Start of EXERCISE DATA

Lemma maximal_subn_cycn N : maximal_subn N -> exists v, N = cycn v.
Proof. by case/andP => /existsP [v /eqP ->] _; exists v. Qed.

Lemma card_share_primn : (#|share_primn| <= #|maxsubn|)%N.
Proof.
apply: (@leq_trans #|[set (N, N) | N in maxsubn]%SET|); last exact: leq_imset_card.
apply/subset_leq_card/fintype.subsetP => -[N1 N2].
rewrite !inE /= => /andP [/andP [N1max N2max] /existsP [z /and3P [zN1 zN2 zP]]].
apply/imsetP; exists N1; first by rewrite inE.
have [v1 N1E] := maximal_subn_cycn N1max; have [v2 N2E] := maximal_subn_cycn N2max.
move: zN1 zN2; rewrite N1E N2E => zN1 zN2.
by rewrite (cycn_primitive zP zN1) (cycn_primitive zP zN2).
Qed.

Hypothesis p_prime : prime p.

Lemma n_le_card_maxsubn : (n <= #|maxsubn|)%N.
Proof.
apply: leq_trans card_Omegan_le_maxsubn.
rewrite card_ffun card_Fp // card_ord.
exact/ltnW/ltn_expl/prime_gt1.
Qed.

Lemma Pn_share_primnC_ge (R : realType) :
  1 - n%:R^-1 <= Pn R (Mn p n :\: share_primn) :> R.
Proof.
have maxsubn_gt0 := leq_trans n_gt0 n_le_card_maxsubn.
have share_sub : share_primn \subset finset.setX maxsubn maxsubn.
  by rewrite -Mn_setX share_primn_sub.
rewrite /Pn Mn_setX.
apply: le_trans (card_setXD_ratio_ge R maxsubn_gt0 share_sub card_share_primn).
by rewrite lerD2l lerN2 lef_pV2 ?posrE ?ltr0n ?ler_nat ?n_le_card_maxsubn.
Qed.

End TruncatedSeries.

Section PowerSeries.
Variable p : nat.
Implicit Types (a b c : Omega p) (v w z : Omega2 p).

Definition primitive v : bool := (v.1 0%N != 0) || (v.2 0%N != 0).

Definition ps_shift a : Omega p := fun k => a k.+1.

Lemma ps_mul0 a b : ps_mul a b 0%N = a 0%N * b 0%N.
Proof. by rewrite /ps_mul big_ord1. Qed.

Lemma ps_mulS a b k : a 0%N = 0 -> ps_mul a b k.+1 = ps_mul (ps_shift a) b k.
Proof.
move=> a0; rewrite /ps_mul big_ord_recl /= a0 mul0r add0r.
by apply: eq_bigr => i _; rewrite /ps_shift /bump /= add1n subSS.
Qed.

Lemma ps_mulT0 c : ps_mul (ps_T p) c 0%N = 0.
Proof. by rewrite ps_mul0 mul0r. Qed.

Lemma ps_mulTS c k : ps_mul (ps_T p) c k.+1 = c k.
Proof.
rewrite ps_mulS // /ps_mul big_ord_recl /= /ps_shift /ps_T /= mul1r subn0 big1 ?addr0 //.
by move=> i _; rewrite mul0r.
Qed.

Lemma cyc_zero2 v : cyc v (zero2 p).
Proof.
exists (fun _ => 0) => //; rewrite /scale2 /zero2.
by congr pair; apply: funext => k; rewrite /ps_mul big1 // => i _; rewrite mul0r.
Qed.

Lemma maximal_sub_primitive N : maximal_sub N -> exists2 v, N = cyc v & primitive v.
Proof.
case=> [[v ->] notT]; exists v => //; apply: contraT; rewrite negb_or !negbK.
case/andP => /eqP v10 /eqP v20; case: notT => _ [a _ <-].
exists (ps_shift (ps_mul a v.1), ps_shift (ps_mul a v.2)) => //.
by rewrite /scale2 /=; congr pair; apply: funext => -[|k];
  rewrite ?ps_mulT0 ?ps_mulTS ?ps_mul0 ?v10 ?v20 ?mulr0.
Qed.

Lemma scale2_primitive_const0 a v :
  primitive v -> ~~ primitive (scale2 a v) -> a 0%N = 0.
Proof.
rewrite /primitive /scale2 /= !ps_mul0 negb_or !negbK !mulf_eq0.
case/orP => /negbTE v0 /andP [h1 h2]; apply/eqP; [move: h1 | move: h2];
  by rewrite v0 orbF.
Qed.

Lemma scale2_ps_shift a v : a 0%N = 0 ->
  scale2 (ps_shift a) v = (ps_shift (scale2 a v).1, ps_shift (scale2 a v).2).
Proof. by move=> a0; congr pair; apply: funext => k; rewrite -ps_mulS. Qed.

Lemma nonzero2_coef z : z <> zero2 p -> exists k, (z.1 k != 0) || (z.2 k != 0).
Proof.
move=> z_neq0; apply: contrapT => all0; apply: z_neq0; case: z all0 => z1 z2 all0.
congr pair; apply: funext => k;
  [case: (eqVneq (z1 k) 0) | case: (eqVneq (z2 k) 0)] => // zk; case: all0.
  by exists k; rewrite zk.
by exists k; rewrite zk orbT.
Qed.

Lemma scale2_eq_primitive v w a b :
  primitive v -> primitive w -> scale2 a v = scale2 b w -> scale2 a v <> zero2 p ->
  exists a', exists2 b', scale2 a' v = scale2 b' w & primitive (scale2 a' v).
Proof.
move=> vP wP + /nonzero2_coef [k]; elim: k a b => [|k IHk] a b eq_ab nz_k.
  by exists a, b.
have [|avN] := boolP (primitive (scale2 a v)); first by exists a, b.
have bwN : ~~ primitive (scale2 b w) by rewrite -eq_ab.
have a0 := scale2_primitive_const0 vP avN; have b0 := scale2_primitive_const0 wP bwN.
by apply: (IHk (ps_shift a) (ps_shift b)); rewrite !scale2_ps_shift // eq_ab.
Qed.

Lemma maximal_sub_meet_primitive N1 N2 :
  maximal_sub N1 -> maximal_sub N2 -> N1 `&` N2 <> [set zero2 p] ->
  exists2 z, (N1 `&` N2) z & primitive z.
Proof.
move=> /maximal_sub_primitive [v -> vP] /maximal_sub_primitive [w -> wP] meet_neq0.
have [z [[a _ az] [b _ bz]] z_neq0] : exists2 z, (cyc v `&` cyc w) z & z <> zero2 p.
  apply: contrapT => all0; apply: meet_neq0; apply/seteqP; split => [z zvw|_ ->].
    by apply: contrapT => z_neq0; apply: all0; exists z.
  by split; apply: cyc_zero2.
rewrite -az in z_neq0; rewrite -bz in az.
have [a' [b' eq_ab' avP]] := scale2_eq_primitive vP wP az z_neq0.
by exists (scale2 a' v) => //; split; [exists a' | exists b'].
Qed.

End PowerSeries.

Section Cylinders.
Variable p : nat.

Lemma primitiven_trunc2 n (z : Omega2 p) : primitiven (trunc2 n.+1 z) = primitive z.
Proof.
by rewrite /primitiven /primitive /getc /=; case: insubP => // i _ i0; rewrite !ffunE i0.
Qed.

Lemma trunc2_red n (N : set (Omega2 p)) z : N z -> trunc2 n z \in red n N.
Proof. by move=> Nz; rewrite inE; apply/asboolP; exists z. Qed.

Lemma measurable_cylinder n (A : {set {set Omegan2 p n} * {set Omegan2 p n}}) :
  (1 <= n)%N -> A \subset Mn p n ->
  measurable (piM n @^-1` [set x | x \in A] : set (Mmeas p)).
Proof. by move=> n_gt0 AM; apply: sub_gen_smallest; exists n, A. Qed.

Definition no_shared_primitive n : set (Mmeas p) :=
  piM n @^-1` [set x | x \in Mn p n :\: share_primn p n].

Lemma no_shared_primitive_Disj n : no_shared_primitive n.+1 `<=` @Disj p.
Proof.
case=> -[N1 N2] [N1max N2max]; rewrite /no_shared_primitive /Disj /= inE.
case/andP => notshared inM; apply: contrapT => meet_neq0.
have [z [zN1 zN2] zP] := maximal_sub_meet_primitive N1max N2max meet_neq0.
move/negP: notshared; apply; rewrite inE inM; apply/existsP; exists (trunc2 n.+1 z).
by rewrite !trunc2_red ?primitiven_trunc2.
Qed.

Section Probability.
Variables (R : realType) (P : probability (Mmeas p) R).
Hypothesis p_prime : prime p.
Hypothesis P_compat : forall (n : nat) (A : {set {set Omegan2 p n} * {set Omegan2 p n}}),
  (1 <= n)%N -> A \subset Mn p n ->
  P (@piM p n @^-1` [set x | x \in A]) = (Pn R A)%:E.

Lemma P_no_shared_primitive_ge n :
  ((1 - n.+1%:R^-1 : R)%:E <= P (no_shared_primitive n.+1))%E.
Proof. by rewrite P_compat ?subsetDl // lee_fin Pn_share_primnC_ge. Qed.

End Probability.
End Cylinders.

Theorem theorem4p8 (p : nat) (p_prime : prime p) (R : realType)
  (P : probability (Mmeas p) R)
  (P_compat : forall (n : nat) (A : {set {set Omegan2 p n} * {set Omegan2 p n}}),
      (1 <= n)%N -> A \subset Mn p n ->
      P (@piM p n @^-1` [set x | x \in A]) = (Pn R A)%:E) :
  outerP P (@Disj p) = 1%E /\ innerP P (@Disj p) = 1%E.
Proof.
apply: innerP_outerP_eq1 => n; exists (@no_shared_primitive p n.+1).
  split; last exact: no_shared_primitive_Disj.
  by apply: measurable_cylinder => //; apply: subsetDl.
exact: P_no_shared_primitive_ge p_prime P_compat n.
Qed.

End of EXERCISE DATA

DIRECTIONS: Exactly repeat the lines above, from the opening line through the one with "apply/subset_leq_card/fintype.subsetP => -[N1", and include nothing else.

EXERCISE RESPONSE:
Lemma maximal_subn_cycn N : maximal_subn N -> exists v, N = cycn v.
Proof. by case/andP => /existsP [v /eqP ->] _; exists v. Qed.

Lemma card_share_primn : (#|share_primn| <= #|maxsubn|)%N.
Proof.
apply: (@leq_trans #|[set (N, N) | N in maxsubn]%SET|); last exact: leq_imset_card.
apply/subset_leq_card/fintype.subsetP => -[N1 N2].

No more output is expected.